Y ahora sentía que ya no podía verla a ella como antes. MI ego estaba tan herido que no podía perdonarla, no me lo permitía. El macho perdonando a la hembra infiel, eso jamás podría pasar en mi mundo, en mi cabeza de hombre básico y estúpido.
Como dije, la traición de Cecilia podía entenderla y hasta justificarla. La de Juan, no. Definitivamente no. No había manera de entenderla. Más allá de que los hombres decimos que a los amigos no se los caga por el simple hecho de que son amigos y punto. La mujer de los amigos tiene bigotes y todas esas pavadas que podemos decir. Juan, más allá de todo, era más que un amigo, era mi hermano. Era el hermano que nunca tuve. Yo lo admiraba. Era mi otra parte en esta vida. O al menos yo creía que era así hasta que me enteré de su relación con mi novia.

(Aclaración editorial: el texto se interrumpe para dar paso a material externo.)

Lemma no_cross_factor : ~~ c1 -> ~~ c2 -> exists fB, lambda_factor eB fB /\ ~~ fB b1 b2.
Proof.
move=> n1 n2; exists (fun x y => f (inr x) (inr y)); split; last first.
  by apply/negP => /factor_glue; rewrite /= /is_edge_uv !eqxx andbF.
apply: lambda_factor_intro => [x y | x y /factor_glue /andP[] // | x].
  exact: factor_sym.
apply: (in_closed_path3_pull inr_inj hf) => // -[t|t] cxt; last by exists t.
have := @connect_exit_sideA (inl t) (inr x); rewrite !inE factor_connect_sym.
by move=> /(_ isT isT cxt); rewrite (negbTE n1) (negbTE n2).
Qed.

Lemma boundaryA_connect z y : z \in sideA :\: innerA -> connect f z y -> y \in sideA ->
  y \in sideA :\: innerA.
Proof.
rewrite !in_setD => /andP[zI _] czy yA; rewrite yA andbT.
by apply: contra zI => yI; apply: innerA_closed yI _; rewrite factor_connect_sym.
Qed.

Section TwoCrossEdges.
Hypotheses (ha : eA a1 a2) (hb : eB b1 b2) (h1 : c1) (h2 : c2).

Lemma cross_components_disjoint : ~~ connect f (inl a1) (inl a2).
Proof.
apply/negP => c12.
have a12 : a1 != a2 by apply: contraTneq ha => ->; rewrite sA.2.
have b12 : b1 != b2 by apply: contraTneq hb => ->; rewrite sB.2.
have : [set inl a1; inl a2] \subset comp (inl a1) :&: sideA.
  by apply/subsetP => z; rewrite !inE => /orP[]/eqP->; rewrite ?connect0 ?c12.
have : [set inr b1; inr b2] \subset comp (inl a1) :\: sideA.
  apply/subsetP => z; rewrite !inE => /orP[]/eqP->; rewrite /=; first exact: connect1.
  exact: connect_trans c12 (connect1 h2).
move=> /subset_leq_card + /subset_leq_card.
rewrite !cards2 !(inj_eq inl_inj) !(inj_eq inr_inj) a12 b12.
have := cardsID sideA (comp (inl a1)); rewrite (card_lambda_component _ hf); lia.
Qed.

Lemma card_cross_components : #|TA| %% 3 = 0 ->
  #|comp (inl a1) :&: sideA| + #|comp (inl a2) :&: sideA| = 3.
Proof.
move=> hA3; have := card_boundaryA hA3.
have -> : sideA :\: innerA = (comp (inl a1) :&: sideA) :|: (comp (inl a2) :&: sideA).
  by apply/setP => z; rewrite mem_boundaryA h1 h2 !inE /= -andb_orl andbC.
rewrite cardsU.
have -> : (comp (inl a1) :&: sideA) :&: (comp (inl a2) :&: sideA) = set0.
  apply/setP => z; rewrite !inE; apply/negbTE; apply: contraNN cross_components_disjoint.
  case/andP=> /andP[c1z _] /andP[c2z _].
  by apply: connect_trans c1z _; rewrite factor_connect_sym.
have := card_cross_component h1; have := card_cross_component h2; rewrite cards0; lia.
Qed.

Lemma two_cross_cases : #|TA| %% 3 = 0 ->
  #|comp (inl a1) :&: sideA| = 2 \/ #|comp (inl a2) :&: sideA| = 2.
Proof.
move=> hA3; have := card_cross_components hA3.
have := card_cross_component h1; have := card_cross_component h2; lia.
Qed.

Lemma two_cross_split : #|TA| %% 3 = 0 -> #|comp (inl a1) :&: sideA| = 2 ->
  exists2 x0, [/\ x0 != a1, x0 != a2 & f (inl x0) (inl a1)] &
    forall p, (inl p \in sideA :\: innerA) = (p \in [set x0; a1; a2]).
Proof.
move=> hA3 n1.
have n2 : #|comp (inl a2) :&: sideA| == 1 by apply/eqP; have := card_cross_components hA3; lia.
have a1C : inl a1 \in comp (inl a1) :&: sideA by rewrite !inE connect0.
have [x0 x0a1 C1] : exists2 x0, x0 != a1 & comp (inl a1) :&: sideA = [set inl x0; inl a1].
  have /cards1P[z Ez] : #|(comp (inl a1) :&: sideA) :\ inl a1| == 1.
    by move: n1; rewrite (cardsD1 (inl a1)) a1C add1n => -[->].
  have : z \in (comp (inl a1) :&: sideA) :\ inl a1 by rewrite Ez set11.
  case: z Ez => [x0|y] Ez; rewrite !inE ?andbF // (inj_eq inl_inj) => /andP[x0a1 _].
  by exists x0; rewrite // -(setD1K a1C) Ez setUC.
have C2 : comp (inl a2) :&: sideA = [set inl a2].
  have /cards1P[z Ez] := n2.
  have : inl a2 \in comp (inl a2) :&: sideA by rewrite !inE connect0.
  by rewrite Ez => /set1P <-.
have cx0 : connect f (inl a1) (inl x0).
  have : inl x0 \in comp (inl a1) :&: sideA by rewrite C1 !inE eqxx.
  by rewrite !inE andbT.
have x0a2 : x0 != a2.
  by apply: contraNneq cross_components_disjoint => <-.
exists x0; last first.
  move=> p; rewrite mem_boundaryA h1 h2 /=.
  have memC q : (inl p \in comp q :&: sideA) = connect f q (inl p) by rewrite !inE andbT.
  by rewrite -!memC C1 C2 !inE !(inj_eq inl_inj).
split=> //; have [[q|y] fx0q] := lambda_factor_neighbor (inl x0) hf.
  have : inl q \in comp (inl a1) :&: sideA by rewrite !inE (connect_trans cx0 (connect1 fx0q)).
  by rewrite C1 !inE !(inj_eq inl_inj) => /orP[]/eqP eq; subst q; rewrite ?factor_irr in fx0q.
by have := factor_cross_edge fx0q; rewrite (negbTE x0a1) (negbTE x0a2).
Qed.

Lemma two_cross_factor_split : #|TA| %% 3 = 0 -> #|comp (inl a1) :&: sideA| = 2 ->
  exists fA, lambda_factor eA fA /\ fA a1 a2.
Proof.
move=> hA3 n1; have [x0 [x0a1 x0a2 fx0a1] bnd] := two_cross_split hA3 n1.
have a12 : a1 != a2 by apply: contraTneq ha => ->; rewrite sA.2.
pose fA p q := f (inl p) (inl q) || is_edge_uv a1 a2 p q.
exists fA; split; last by rewrite /fA /is_edge_uv !eqxx orbT.
have fA_sym : symmetric fA by move=> p q; rewrite /fA factor_sym is_edge_uvC.
apply: lambda_factor_intro => // [p q /orP[/factor_glue/andP[] // | e] | x].
  by case/orP: e => /andP[/eqP-> /eqP->]; rewrite // sA.1.
have [xS | xS] := boolP (x \in [set x0; a1; a2]).
  exists x0, a1, a2; split=> //.
    apply: path3_intro => //.
    - move=> p; rewrite /fA factor_irr /is_edge_uv /=.
      by case: (p =P a1) => [->|_]; rewrite ?(negbTE a12) ?andbF.
    - by rewrite /fA fx0a1.
    - by rewrite /fA /is_edge_uv !eqxx orbT.
    rewrite /fA /is_edge_uv (negbTE x0a1) (negbTE x0a2) /= orbF.
    apply: contraNN cross_components_disjoint => fx0a2.
    by apply: connect_trans (connect1 _) (connect1 fx0a2); rewrite factor_sym.
  move=> p pS q /orP[fpq | e].
    rewrite -bnd in pS; rewrite -bnd; apply: (boundaryA_connect pS (connect1 fpq)).
    by rewrite inE.
  by case/orP: e => /andP[_ /eqP->]; rewrite !inE eqxx ?orbT.
have xI : inl x \in innerA by move: (bnd x); rewrite (negbTE xS) in_setD inE andbT => /negbFE.
apply: (in_closed_path3_pull inl_inj hf) => [[t|t] cxt | p q cxp]; first by exists t.
  by have := innerA_closed xI cxt; rewrite !inE.
have : p \notin [set x0; a1; a2] by rewrite -bnd in_setD (innerA_closed xI cxp).
rewrite !inE !negb_or => /andP[/andP[_ pa1] pa2].
by rewrite /fA /is_edge_uv (negbTE pa1) (negbTE pa2) /= orbF.
Qed.
End TwoCrossEdges.
End Glue.

Lemma glue_swap (TA TB : finType) (eA : rel TA) (eB : rel TB) a1 a2 b1 b2 :
  glue eA eB a2 a1 b2 b1 =2 glue eA eB a1 a2 b1 b2.
Proof. by case=> x [] y /=; rewrite /is_edge_uv orbC. Qed.

Lemma two_cross_factor (TA TB : finType) (eA : rel TA) (eB : rel TB) a1 a2 b1 b2 f :
  simple_graph eA -> simple_graph eB -> eA a1 a2 -> eB b1 b2 ->
  lambda_factor (glue eA eB a1 a2 b1 b2) f -> #|TA| %% 3 = 0 ->
  f (inl a1) (inr b1) -> f (inl a2) (inr b2) ->
  exists fA, lambda_factor eA fA /\ fA a1 a2.
Proof.
move=> sA sB ha hb hf hA3 h1 h2.
have [n1 | n2] := two_cross_cases sA sB hf ha hb h1 h2 hA3.
  exact: (two_cross_factor_split sA sB hf ha hb h1 h2 hA3 n1).
have hf' : lambda_factor (glue eA eB a2 a1 b2 b1) f.
  by apply: lambda_factor_mono hf => x y; rewrite glue_swap.
have ha' : eA a2 a1 by rewrite sA.1.
have hb' : eB b2 b1 by rewrite sB.1.
have [fA [lfA fAa21]] :=
  two_cross_factor_split sA sB hf' ha' hb' h2 h1 hA3 n2.
by exists fA; split=> //; case: lfA => fAsym _ _; rewrite fAsym.
Qed.

Theorem mainTheorem13 (TA TB : finType) (eA : rel TA) (eB : rel TB)
    (a1 a2 : TA) (b1 b2 : TB) :
  simple_graph eA -> simple_graph eB -> cubic eA -> cubic eB ->
  #|TA| %% 6 = 0 -> #|TB| %% 6 = 0 ->
  eA a1 a2 -> eB b1 b2 ->
  ~ (exists f, lambda_factor eA f /\ f a1 a2) ->
  ~ (exists f, lambda_factor eB f /\ ~~ f b1 b2) ->
  #|((TA + TB)%type : finType)| %% 6 = 0 /\ ~ (exists f, lambda_factor (glue eA eB a1 a2 b1 b2) f).
Proof.
move=> sA sB _ _ hA6 hB6 ha hb noA noB; split; first by rewrite card_sum; lia.
case=> f hf; have hA3 : #|TA| %% 3 = 0 by lia.
have := cross_pair hf hA3; case h1: (f (inl a1) (inr b1)) => /esym h2.
  by apply: noA; apply: two_cross_factor sA sB ha hb hf hA3 h1 h2.
by apply: noB; apply: no_cross_factor hf (negbT h1) (negbT h2).
Qed.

Yo siempre lo había admirado. Juan era ese tipo de hombre, o mejor dicho, ese tipo de personas que nunca pasan desapercibidas. Aunque no era para nada lindo. No era muy alto. Era extremadamente flaco, un poco narigón, algo encorvado. Pero tenía algo que lo hacía irresistiblemente atractivo a las mujeres; su verso. Juan sabía lo que decía y como decirlo. Y cuando. Y en que tono. Yo estaba seguro que eso era una virtud natural en él, no había dudas de que había nacido con ese don. Pero encima lo había alimentado. Encima de que era un gran estudiante, también era un gran lector de todos los temas humanísticos. También leía novelas, poesías, cuentos, ensayos. Era, sin dudas, un lector voraz. Cuando estábamos juntos yo podía escucharlo horas, casi sin interrumpirlo. No había tema que no supiera. Historia, geografía, política, literatura, pintura. Y era muy inteligente. El leía algo y ya lo comprendía. Aunque fuera algo complejo. Matemática, física, química. Yo a veces me sentía intimidado cuando estaba con él, sobre todo cuando salíamos con chicas en parejas. Yo era la belleza exterior, la altura, los ojos azules, los músculos. Era lo efímero. Era lo que se mira con admiración al principio pero que luego, al tenerlo de cerca y acostumbrarse, va perdiendo su brillo. Va desapareciendo esa atracción de la primera vista. Juan siempre tomaba el mando de las conversaciones. Fuera donde fuera. Así hubiera dos personas o cientos. Conociera o no conociera a la gente. Poco le importaba. Si él tenía algo que decir, iba y lo decía. No importaba mucho a quien tuviera enfrente. Por eso le costaba mantener sus trabajos. Sobre todos los trabajos rutinarios en los que debía seguir órdenes preestablecidas o dictadas por algún superior. Y sabemos que generalmente los superiores no son tan superiores. Pero con el tiempo también pude ver el lado oscuro de Juan, que como todos, también tenía. Debido a su gran inteligencia, cultura y sabiduría; no podía evitar ser soberbio. Y por ese motivo, muchas veces, le caía mal a la gente. Debo reconocer que eso pasaba hasta que lo conocían bien; pero no es que dejaban de verlo soberbio, simplemente se daban cuenta de que era un buen tipo pero con ese defecto tan propio de los intelectuales: la soberbia.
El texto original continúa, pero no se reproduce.